Why I Started Scripting My Podcast Episodes

Why I Started Scripting My Podcast Episodes

By Mark Asquith

I've been lucky enough to speak on stages all over the world thanks to podcasting. From educating at Harvard University to delivering a TEDx and speaking at the biggest podcasting conferences on the planet.

But during all of that time, I haven't once scripted a talk.

Not once. Not even my TEDx.

But in January I began scripting my Monday podcast episodes. 

If I can speak on some of the world's biggest stages without scripting, why did I start scripting my short-form podcast - especially after 1,300+ episodes?!

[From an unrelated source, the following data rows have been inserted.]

Lemma step_Ds_antitone_s : (j.+1 < S)%N -> Ds i j.+1 <= Ds i j.
Proof.
move=> ltj1S; have ltjS := ltnW ltj1S.
have hj1 : (0 < j.+1 <= S)%N := ltjS; have hj2 : (0 < j.+2 <= S)%N := ltj1S.
rewrite -subr_ge0 -(denom_mul_ge0 _ hiB hj).
apply: (propagate_convex_s rec_ij (W_recursion hiB hj1) (W_recursion hiB hj2)).
- apply: mulr_ge0 (mulr_ge0 lBS_ge0 (nat_gap_ge0 hiB)) _.
  exact: le_subr_ge0 (Db_antitone_s (IHcol ltjS) ltj1S).
- exact: rateS_mul_ge0 hj2 (fun lt => le_subr_ge0 (Ds_antitone_s (IHcol ltjS) lt)).
- exact: mulr_ge0 (rateB_ge0 _ hiB) (le_subr_ge0 (Ds_antitone_s (IHrow hj) ltj1S)).
- exact: mulr_ge0 lSS_ge0 (Ds_ge0 (IHcol ltjS) ltj1S).
Qed.

(* Next to the boundary row [B] the claim reduces to [step_Db_ge0], since
   row [B] of [W] and the row after it vanish. *)
Lemma step_Db_antitone_b : Db i.+1 j <= Db i j.
Proof.
have [lt|geB] := ltnP i.+1 B; last first.
  by rewrite {1}/Db (W_out _ geB) (W_out _ (leqW geB)) subr0 step_Db_ge0.
rewrite -subr_ge0 -(denom_mul_ge0 _ hiB hj).
apply: (propagate_convex_b rec_ij rec_i1j (W_recursion lt hj)).
- exact: mulr_ge0 (rateB_ge0 _ lt) (le_subr_ge0 (Db_antitone_b (IHrow hj))).
- exact: seller_gap_mul_ge0 hjS (fun lt' => le_subr_ge0 (Db_antitone_s (IHrow hj) lt')).
- exact: rateS_mul_ge0 hj (fun lt' => le_subr_ge0 (Db_antitone_b (IHcol lt'))).
- exact: mulr_ge0 lBB_ge0 (Db_ge0 (IHrow hj)).
Qed.

Lemma Inv_step : Inv i j.
Proof.
split; [exact: step_Db_ge0 | exact: step_Ds_ge0 | exact: step_Db_antitone_s
       | exact: step_Ds_antitone_s | exact: step_Db_antitone_b].
Qed.
End Step.

Lemma Inv_row i : (i < B)%N -> (forall k, (0 < k <= S)%N -> Inv i.+1 k) ->
  forall j, (0 < j <= S)%N -> Inv i j.
Proof.
move=> hi IHrow j /andP[hj1 hjS]; move: j hjS hj1.
apply: (downward_ind (P := fun j => (0 < j)%N -> Inv i j)) => j hjS IHcol hj1.
by apply: Inv_step => // [|ltjS]; [rewrite hj1 | exact: IHcol].
Qed.

Lemma Inv_all i j : (i <= B)%N -> (0 < j <= S)%N -> Inv i j.
Proof.
move=> hiB; move: i hiB j; apply: (downward_ind (P := fun i => forall j, (0 < j <= S)%N -> Inv i j)).
move=> i hiB IHrow; have [hi|geBi] := ltnP i B; first exact: Inv_row hi (IHrow hi).
by rewrite (@anti_leq i B) ?hiB // => j _; exact: Inv_boundary.
Qed.

Lemma Db_le_first_col i j : (i <= B)%N -> (0 < j <= S)%N -> Db i j <= Db i 1.
Proof.
move=> hiB; elim: j => [//|j IH] /andP[_ hjS].
have [->|hj] := posnP j; first exact: lexx.
have hj' : (0 < j <= S)%N by rewrite hj ltnW.
exact: le_trans (Db_antitone_s (Inv_all hiB hj') hjS) (IH hj').
Qed.

Lemma Db_le_origin i : (0 < S)%N -> (i <= B)%N -> Db i 1 <= Db 0 1.
Proof.
move=> hS; have h1 : (0 < 1 <= S)%N by rewrite hS.
elim: i => [//|i IH] hiB.
exact: le_trans (Db_antitone_b (Inv_all (ltnW hiB) h1)) (IH (ltnW hiB)).
Qed.
Lemma mu2_empty_le1 : mu2_empty <= 1.
Proof.
rewrite -subr_ge0 (_ : 1 - mu2_empty = rho * (1 - mu0) + (1 - rho) * mu0).
  by rewrite addr_ge0 ?mulr_ge0 ?subr_ge0 ?rho_ge0.
by rewrite /mu2_empty; ring.
Qed.

Lemma joint_r1_w2_revealed s1 w w2 :
  joint_r1_w2 s1 (Some w) w2 = prior mu0 w * (if s1 then 1 else pi) * trans rho w w2.
Proof. by rewrite /joint_r1_w2 big_bool /rep_prob; case: w s1 => [] [] /=; ring. Qed.

Lemma joint_r1_w2_empty s1 w2 :
  joint_r1_w2 s1 None w2 =
  (if s1 then 0 else 1 - pi) * (if w2 then mu2_empty else 1 - mu2_empty).
Proof.
rewrite /joint_r1_w2 big_bool /rep_prob /prior /trans /mu2_empty.
by case: s1 w2 => [] [] /=; ring.
Qed.

Lemma best_accuracy_revealed s1 s2 w :
  \sum_(r2 : option bool) Num.max (hist_state_prob s1 s2 (Some w) r2 true)
                                  (hist_state_prob s1 s2 (Some w) r2 false)
  = prior mu0 w * (if s1 then 1 else pi) * period2_accuracy (s2 (Some w)) rho.
Proof.
rewrite -(max_trans w) -sum_max_rep_prob; last first.
- by rewrite trans_ge0 -subr_ge0 -trans_false trans_ge0.
- by rewrite mulr_ge0 ?prior_ge0 //; case: s1.
by apply: eq_bigr => r2 _; rewrite !hist_state_probE !joint_r1_w2_revealed trans_false.
Qed.

Lemma best_accuracy_empty s1 s2 :
  \sum_(r2 : option bool) Num.max (hist_state_prob s1 s2 None r2 true)
                                  (hist_state_prob s1 s2 None r2 false)
  = (if s1 then 0 else 1 - pi) *
    period2_accuracy (s2 None) (Num.max mu2_empty (1 - mu2_empty)).
Proof.
rewrite -sum_max_rep_prob; last first.
- by rewrite mu2_empty_ge0 mu2_empty_le1.
- by case: s1; rewrite ?subr_ge0.
by apply: eq_bigr => r2 _; rewrite !hist_state_probE !joint_r1_w2_empty.
Qed.

Lemma best_accuracyE s1 s2 :
  best_accuracy s1 s2 =
  (if s1 then 1 else pi) * (mu0 * period2_accuracy (s2 (Some true)) rho
                            + (1 - mu0) * period2_accuracy (s2 (Some false)) rho)
  + (if s1 then 0 else 1 - pi) *
    period2_accuracy (s2 None) (Num.max mu2_empty (1 - mu2_empty)).
Proof.
rewrite /best_accuracy big_option big_bool best_accuracy_empty !best_accuracy_revealed /=.
ring.
Qed.

Definition best_value s1 s2 : R :=
  best_accuracy s1 s2 - k * (s1%:R + exp_test2 mu0 pi s1 s2).

Lemma value_le_best s1 s2 x : value s1 s2 x <= best_value s1 s2.
Proof. by rewrite lerD2r accuracy_le_best. Qed.

Lemma value_efficient s1 s2 x :
  efficient s1 s2 x -> value s1 s2 x = best_value s1 s2.
Proof. by move=> x_eff; rewrite /value accuracy_efficient. Qed.

Lemma optimal_of_best s1 s2 x : efficient s1 s2 x ->
  (forall s1' s2', best_value s1' s2' <= best_value s1 s2) -> optimal s1 s2 x.
Proof.
move=> x_eff best_max s1' s2' x'; rewrite (value_efficient x_eff).
exact: le_trans (value_le_best _ _ x') (best_max _ _).
Qed.

Definition continuation (t : bool) (q : R) : R := period2_accuracy t q - k * t%:R.
Lemma treesE : trees = [seq b <- bitseqs 6 | spanning_tree_bits b].
Proof. by vm_compute. Qed.

Definition tree (i : nat) : bitseq := nth [::] trees i.

Lemma size_trees : size trees = 16.
Proof. by []. Qed.

Lemma size_tree i : i < 16 -> size (tree i) = 6.
Proof.
have sizes : all (fun b => size b == 6) trees by [].
by move=> lt_i; apply/eqP/(allP sizes)/mem_nth; rewrite size_trees.
Qed.

Lemma spanning_tree_bits_tree i : i < 16 -> spanning_tree_bits (tree i).
Proof.
move=> lt_i; have := mem_nth [::] (lt_i : i < size trees).
by rewrite {2}treesE mem_filter => /andP[].
Qed.

(** * Exchange relations and facet certificates *)

Definition tree_sum (p q : nat) : seq nat :=
  [seq nth false (tree p) m + nth false (tree q) m | m <- iota 0 6].

(* [((p, q), (r, s))] records the exchange relation [chi_p + chi_q = chi_r + chi_s] between
   incidence vectors of trees. *)
Definition exchange := ((nat * nat) * (nat * nat))%type.

Definition is_exchange (x : exchange) : bool :=
  [&& x.1.1 < 16, x.1.2 < 16, x.2.1 < 16, x.2.2 < 16 &
      tree_sum x.1.1 x.1.2 == tree_sum x.2.1 x.2.2].

Definition index_pairs : seq (nat * nat) := [seq (p, q) | p <- iota 0 16, q <- iota 0 16].

Definition exchanges : seq exchange := Eval vm_compute in
  [seq x <- [seq (pq, rs) | pq <- index_pairs, rs <- index_pairs] | is_exchange x].

Lemma exchangesE : exchanges =
  [seq x <- [seq (pq, rs) | pq <- index_pairs, rs <- index_pairs] | is_exchange x].
Proof. by vm_compute. Qed.

Lemma exchangeP x : x \in exchanges ->
  [/\ x.1.1 < 16, x.1.2 < 16, x.2.1 < 16, x.2.2 < 16 & tree_sum x.1.1 x.1.2 = tree_sum x.2.1 x.2.2].
Proof. by rewrite exchangesE mem_filter => /andP[/and5P[? ? ? ? /eqP]]. Qed.

(* The symmetric copies of these 45 exchanges carry no further information about zero
   patterns, and leaving them out keeps the exhaustive check below fast. *)
Definition canonical_exchanges : seq exchange := Eval vm_compute in
  [seq x <- exchanges | [&& x.1.1 < x.1.2, x.2.1 < x.2.2 & x.1.1 < x.2.1]].

Lemma canonical_exchangesE : canonical_exchanges =
  [seq x <- exchanges | [&& x.1.1 < x.1.2, x.2.1 < x.2.2 & x.1.1 < x.2.1]].
Proof. by vm_compute. Qed.

Lemma canonical_exchanges_sub : {subset canonical_exchanges <= exchanges}.
Proof. by move=> x; rewrite canonical_exchangesE mem_filter => /andP[]. Qed.

Local Open Scope ring_scope.

(* Facets [0, 6) are [x_e >= 0], facets [6, 12) are [x_e <= 1], and facet [12 + v] is
   [x(T) <= 2] for the triangle [T] of [K_4] avoiding vertex [v]. *)
Definition facet_coefs (k : nat) : seq int :=
  if (k < 6)%N then [seq (m == k)%:Z | m <- iota 0 6]
  else if (k < 12)%N then [seq - (m == (k - 6)%N)%:Z | m <- iota 0 6]
  else [seq - (~~ incident m (k - 12))%:Z | m <- iota 0 6].

Definition facet_const (k : nat) : int := if (k < 6)%N then 0 else if (k < 12)%N then 1 else 2.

When I wrote my TEDx talk and actually, when I've written any talk in the past for any event that I've spoken at, I've always started with the outcome that I want to deliver.

With my TEDx it was "Choose Happiness, Choose Control". That's my destination, the place that I'm taking the viewer or listener to.

And my process is to work backwards from that by, in my mind and then on Post-It Notes (all over the wall!), spending days and sometimes weeks thinking of the connective tissue between opening the talk and delivering the outcome.

I like to tell stories, so I tend to develop a salient point for each "beat" of my talk and then connect those with anecdotes and tales from my past in life or business so that I can take the viewer on a journey with me, painting a picture during every scene so that they relate and recall each point.

Then, my process is to simply get good at telling each of those stories individually and working hard on making the connective tissue between them work to the very best of its ability.

It's not scripting - in fact, if you look hard at my TEDx, I do waver off-topic a tad (which I couldn't have done with a script) but I knew my stories and my destination, plus my connective bridges between each story so well that unless I tell you where it is, you'll be hard pushed to find it.

I've spent years working on public speaking and have honed that technique over those years.

Podcasting has helped.

There's no pride to be had in "winging it"

When I started podcasting I had an interview podcast (you can still find it if you search for me in your podcast app) and, back in 2013, I had a bulletproof process where the guest would pretty much give me the talking points and the actionable takeaways for each episode. 

It worked really well and my show notes were almost written for me. But, I'd still spend 20 minutes before each episode researching every guest so that I could take the guest to places that maybe they hadn't been for a while or that other podcast hosts weren't taking them. 

Often, after the interview, my guest would tell me that they felt it was the best interview that they'd ever done - the one they enjoyed the most.

It was flattering but entirely down to my prep.

When I stopped my interview podcast in 2016 and went "solo", I began winging it. 

It was refreshing. After all, I'd been plying my trade for a long time and could (still can) wax lyrical about business, podcasting, startups and life in business all day long. I could produce episodes without ever running out of steam and without ever finding myself short on things to chat through.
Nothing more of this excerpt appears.